Karena memiliki lanskap yang indah dan bersifat eksklusif, San Diego Hills kerap menjadi tempat pengambilan gambar untuk iklan, film ataupun sesi pemotretan pre-wedding. Bahkan, pengambilan gambar untuk serial TV Cinta Cenat Cenut 2 yang dibintangi para personel band Smash sempat dilakukan selama kurang lebih sebulan lamanya pada akhir 2011 lalu.

“Karena ada Smash, banyak banget penggemar yang datang ingin ketemu mereka, tapi enggak boleh masuk. Ratusan orang datang, kasihan juga mereka katanya cuma ingin kasih bingkisan buat Morgan (salah satu personel Smash). Yang bawa mobil sih boleh masuk, cuma yang bawa motor enggak boleh masuk semua,” tutur Jaja lagi.

Selain itu, sinetron Putri Duyung yang dibintangi oleh artis Luna Maya juga sempat mengambil gambar di kolam renang San Diego Hills.

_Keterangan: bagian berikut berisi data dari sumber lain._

Record QFun (Q : Quantaloid) (X Y : QCat Q) := {
  qfmap :> forall A, qcob X A -> qcob Y A;
  qf_mono : forall A B (x : qcob X A) (y : qcob X B),
      qle (qchom X x y) (qchom Y (qfmap x) (qfmap y))
}.
Arguments qfmap {Q X Y} f A x : rename.

Record QDist (Q : Quantaloid) (X Y : QCat Q) := {
  qdmap :> forall A B, qcob X A -> qcob Y B -> qhom Q A B;
  qd_ax : forall A A' B B' (x : qcob X A) (x' : qcob X A') (y : qcob Y B) (y' : qcob Y B'),
      qle (qcomp (qchom Y y y') (qcomp (qdmap x y) (qchom X x' x))) (qdmap x' y')
}.
Arguments qdmap {Q X Y} p {A B} x y : rename.

Record ChuOb (Q : Quantaloid) := MkChuOb {
  cdom : QCat Q;
  ccod : QCat Q;
  cdist : QDist cdom ccod
}.

Record ChuHom (Q : Quantaloid) (P P' : ChuOb Q) := {
  chf : QFun (cdom P) (cdom P');
  chg : QFun (ccod P') (ccod P);
  ch_ax : forall A B (x : qcob (cdom P) A) (z : qcob (ccod P') B),
      qdmap (cdist P') (qfmap chf A x) z = qdmap (cdist P) x (qfmap chg B z)
}.

Definition chu_eq (Q : Quantaloid) (P P' : ChuOb Q) (h h' : ChuHom P P') : Prop :=
  (forall A x, qfmap (chf h) A x = qfmap (chf h') A x) /\
  (forall B z, qfmap (chg h) B z = qfmap (chg h') B z).

(* [chu_comp_eq g h k] : "g o h = k" in Q-Chu, composition (f',g')(f,g) = (f'f, g g'). *)
Definition chu_comp_eq (Q : Quantaloid) (P0 P1 P2 : ChuOb Q)
    (g : ChuHom P1 P2) (h : ChuHom P0 P1) (k : ChuHom P0 P2) : Prop :=
  (forall A x, qfmap (chf g) A (qfmap (chf h) A x) = qfmap (chf k) A x) /\
  (forall B z, qfmap (chg h) B (qfmap (chg g) B z) = qfmap (chg k) B z).

Record SmallCat := {
  jo : Type;
  jh : jo -> jo -> Type;
  jcomp : forall i j k, jh j k -> jh i j -> jh i k;
  jid : forall i, jh i i;
  jcomp_assoc : forall i j k l (w : jh k l) (v : jh j k) (u : jh i j),
      jcomp w (jcomp v u) = jcomp (jcomp w v) u;
  jcomp_id_l : forall i j (u : jh i j), jcomp (jid j) u = u;
  jcomp_id_r : forall i j (u : jh i j), jcomp u (jid i) = u
}.
Arguments jh : clear implicits.
Arguments jcomp {J i j k} : rename.
Arguments jid {J} i : rename.

Record ChuDiagram (Q : Quantaloid) (J : SmallCat) := {
  dob : jo J -> ChuOb Q;
  dhom : forall i j, jh J i j -> ChuHom (dob i) (dob j);
  dhom_id : forall i,
      (forall A x, qfmap (chf (dhom (jid i))) A x = x) /\
      (forall B z, qfmap (chg (dhom (jid i))) B z = z);
  dhom_comp : forall i j k (v : jh J j k) (u : jh J i j),
      chu_comp_eq (dhom v) (dhom u) (dhom (jcomp v u))
}.
Arguments dob {Q J} D j : rename.
Arguments dhom {Q J} D {i j} u : rename.

Section Diagrams.
Variables (Q : Quantaloid) (J : SmallCat) (D : ChuDiagram Q J).

(* W with w_j : cod(D j) -> W is a colimit in Q-Cat of cod D : J^op -> Q-Cat
   (cod D sends u : i -> j to the second component g_u : cod(D j) -> cod(D i)). *)
Definition IsCodCocone (V : QCat Q) (v : forall j, QFun (ccod (dob D j)) V) : Prop :=
  forall i j (u : jh J i j) B z,
    qfmap (v i) B (qfmap (chg (dhom D u)) B z) = qfmap (v j) B z.

Definition IsColimitCod (W : QCat Q) (w : forall j, QFun (ccod (dob D j)) W) : Prop :=
  IsCodCocone w /\
  forall (V : QCat Q) (v : forall j, QFun (ccod (dob D j)) V), IsCodCocone v ->
    exists h : QFun W V,
      (forall j B z, qfmap h B (qfmap (w j) B z) = qfmap (v j) B z) /\
      (forall h' : QFun W V,
         (forall j B z, qfmap h' B (qfmap (w j) B z) = qfmap (v j) B z) ->
         forall B y, qfmap h' B y = qfmap h B y).

Definition IsDomCone (X : QCat Q) (g : forall j, QFun X (cdom (dob D j))) : Prop :=
  forall i j (u : jh J i j) A x,
    qfmap (chf (dhom D u)) A (qfmap (g i) A x) = qfmap (g j) A x.

Definition IsDomLimit (X : QCat Q) (g : forall j, QFun X (cdom (dob D j))) : Prop :=
  IsDomCone g /\
  forall (Y : QCat Q) (b : forall j, QFun Y (cdom (dob D j))), IsDomCone b ->
    exists t : QFun Y X,
      (forall j A y, qfmap (g j) A (qfmap t A y) = qfmap (b j) A y) /\
      (forall t' : QFun Y X,
         (forall j A y, qfmap (g j) A (qfmap t' A y) = qfmap (b j) A y) ->
         forall A y, qfmap t' A y = qfmap t A y).

Definition IsChuCone (P : ChuOb Q) (G : forall j, ChuHom P (dob D j)) : Prop :=
  forall i j (u : jh J i j), chu_comp_eq (dhom D u) (G i) (G j).

Definition IsChuLimit (P : ChuOb Q) (G : forall j, ChuHom P (dob D j)) : Prop :=
  IsChuCone G /\
  forall (P' : ChuOb Q) (B : forall j, ChuHom P' (dob D j)), IsChuCone B ->
    exists h : ChuHom P' P,
      (forall j, chu_comp_eq (G j) h (B j)) /\
      (forall h' : ChuHom P' P, (forall j, chu_comp_eq (G j) h' (B j)) -> chu_eq h' h).

Definition IsDomInitial (P : ChuOb Q) (G : forall j, ChuHom P (dob D j)) : Prop :=
  forall (P' : ChuOb Q) (B : forall j, ChuHom P' (dob D j)), IsChuCone B ->
  forall t : QFun (cdom P') (cdom P),
    (forall j A y, qfmap (chf (G j)) A (qfmap t A y) = qfmap (chf (B j)) A y) ->
    exists h : ChuHom P' P,
      ((forall A y, qfmap (chf h) A y = qfmap t A y) /\
       (forall j, chu_comp_eq (G j) h (B j))) /\
      (forall h' : ChuHom P' P,
         (forall A y, qfmap (chf h') A y = qfmap t A y) ->
         (forall j, chu_comp_eq (G j) h' (B j)) -> chu_eq h' h).

End Diagrams.

Arguments IsCodCocone {Q J} D V v.
Arguments IsColimitCod {Q J} D W w.
Arguments IsDomCone {Q J} D X g.
Arguments IsDomLimit {Q J} D X g.
Arguments IsChuCone {Q J} D P G.
Arguments IsChuLimit {Q J} D P G.
Arguments IsDomInitial {Q J} D P G.
Arguments MkChuOb {Q cdom ccod} cdist.

From Stdlib Require Import FunctionalExtensionality ProofIrrelevance.

Set Implicit Arguments.
Unset Strict Implicit.

(* A distributor X o-> W is the same thing as a Q-functor from W into the
   Q-category P X of presheaves on X.  The presheaves z |-> D_j(gamma_j -, z)
   form a cocone over cod D, so the colimit W yields a functor W -> P X, i.e. the
   distributor phi, and the Chu condition for (gamma_j, w_j) is precisely the
   factorisation through the colimit.  For dom-initiality, the cod-legs of a
   competing cone induce k : cod P' -> W, and (t, k) satisfies the Chu condition
   because, again through P X, a distributor into W is determined by its
   restrictions along the legs w_j. *)

Section QuantaloidOrder.
Variable Q : Quantaloid.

Tentu saja semua hal tersebut tak dilakukan dengan gratis. Menurut Jaja, satu hari sesi pemotretan pre-wedding bisa dikenakan biaya sebesar tiga juta rupiah. Kemudian untuk pengambilan gambar film, seharinya tim produksi harus merogoh kocek senilai tujuh hingga delapan juta rupiah.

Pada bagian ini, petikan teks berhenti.